What would you have done?

Thankfully, our investors don’t have to answer that question. (I can say with confidence that none of them would have had access to deals like this before. Neither would I!)

Our investors Trust us to trust your operating partners. Acquiring, improving, and eventually divesting such underperforming and undervalued assets. Although this is a dramatic example, many others follow the same pattern.

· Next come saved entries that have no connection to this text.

Lemma chord_orient c r a b : dist2 a c = r -> dist2 b c = r ->
  4 * orient c a b ^+ 2 = dist2 a b * (4 * r - dist2 a b).
Proof.
move=> ha hb.
pose dot := (a.1 - c.1) * (b.1 - c.1) + (a.2 - c.2) * (b.2 - c.2).
have lagrange : orient c a b ^+ 2 + dot ^+ 2 = dist2 a c * dist2 b c.
  by rewrite /orient /dist2 /dot; ring.
have chord : dist2 a b = dist2 a c + dist2 b c - 2 * dot by rewrite /dist2 /dot; ring.
rewrite ha hb in lagrange chord.
have -> : orient c a b ^+ 2 = r * r - dot ^+ 2 by rewrite -lagrange; ring.
by rewrite chord; ring.
Qed.

Lemma shoelace_center n (Q : 'I_n -> point R) c :
  \sum_i ((Q i).1 * (Q (ordS i)).2 - (Q (ordS i)).1 * (Q i).2)
  = \sum_i orient c (Q i) (Q (ordS i)).
Proof.
pose g i := c.1 * (Q i).2 - (Q i).1 * c.2.
transitivity (\sum_i ((Q i).1 * (Q (ordS i)).2 - (Q (ordS i)).1 * (Q i).2)
              + (\sum_i g i - \sum_i g (ordS i))).
  by rewrite [\sum_i g i](reindex_inj (@ordS_inj n)) subrr addr0.
by rewrite -sumrB -big_split; apply: eq_bigr => i _; rewrite /= /g /orient; ring.
Qed.

Lemma normr_sign s x : s ^+ 2 = 1 -> 0 < s * x -> `|x| = s * x.
Proof.
move=> s_sqr sx; have s_norm : `|s| = 1.
  by apply/eqP; rewrite -sqrp_eq1 // -normrX s_sqr normr1.
by rewrite -(gtr0_norm sx) normrM s_norm mul1r.
Qed.

End PlaneGeometry.

Lemma convex_sign (R : rcfType) (P : pentagon R) : convex P ->
  exists2 s : R, s ^+ 2 = 1 &
    forall i j, j != i -> j != nxt i -> 0 < s * orient (P i) (P (nxt i)) (P j).
Proof.
case=> conv; [exists 1 | exists (-1)]; rewrite ?sqrrN ?expr1n // => i j ji jn.
  by rewrite mul1r conv.
by rewrite mulN1r oppr_gt0 conv.
Qed.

Additionally, recession-resistant asset types, operators, geographies, strategies and Capital Stack Positions can provide a safe investment experience for accredited investors—those who want the benefits of real estate but are busy with careers, families and interests.

Final thoughts

I just read this. finished And felt a little funny—like I am. Just bragging On Our operators and funds. Although I’m proud of the team, that’s not my goal. I intend to. To remind busy professionals that it’s okay to outsource your active real estate investing. That’s fine, and I even believe it’s preferable to rely on others to do the heavy lifting.

Finding expert operators, diving deep is reasonable and often profitable on them, and entrust them with the earnings of your labor. I am mine. own Case study here.

I have been investing in real estate since 1999. I’ve written three books on real estate investing, spoken at every BiggerPockets conference, and been a guest on hundreds of podcasts. And I have raised and invested over $140 million in real estate investments. In a few decades. Even so, I feel completely unqualified to make such deals.

There is no such method as I have described. And I couldn’t take that opportunity anyway.

I’m sure I can Earn more profit and build more. Wealth by finding the best operators possible, with deals I could never find, and Passive investment with them.

But This is not necessarily the best way. for you Maybe you joined the BiggerPockets community to learn how to make deals. On your own. You can become happier and wealthier by buying and operating your own residential or commercial real estate assets. Or you can be like Mike, and hundreds of investors can eventually give you their money to invest on their behalf.

If that’s the case for you, I encourage you to go for it. With all your heart! But if you’re a busy professional hoping to make deals, I want to warn you: The story I just told may have a role for you.

Your career and family, lack of focus, lack of team, and lack of experience can put you in the role of the original seller. Magnificent Asset You can be a mom and pop operator. While the woman who sold the park made millions of dollars, she also left hundreds of millions of potential on the table.

I wrote this article to let some of you know that there can be a better, healthier, less time-consuming, and less frustrating way to build wealth in real estate. I invite your feedback, comments, and complaints!

Ready to succeed in real estate investing? Create a free BiggerPockets account to learn about investment strategies; Ask questions and get answers from our community of +2 million members. connect with investor-friendly agents; and much more.

*All investments are subject to risks, including loss of All principal investments. Past performance is no guarantee of future returns, and Currently open Wellings Real Estate Income Fund’s investment objectives may not be achieved.. Please read the offering memorandum before investing so that you fully understand the risks and consult your tax or advisor before investing. Wellings Capital and Bigger Pockets are not connected.

Note via BiggerPockets: These are the opinions expressed by the author and do not necessarily represent the opinions of BiggerPockets.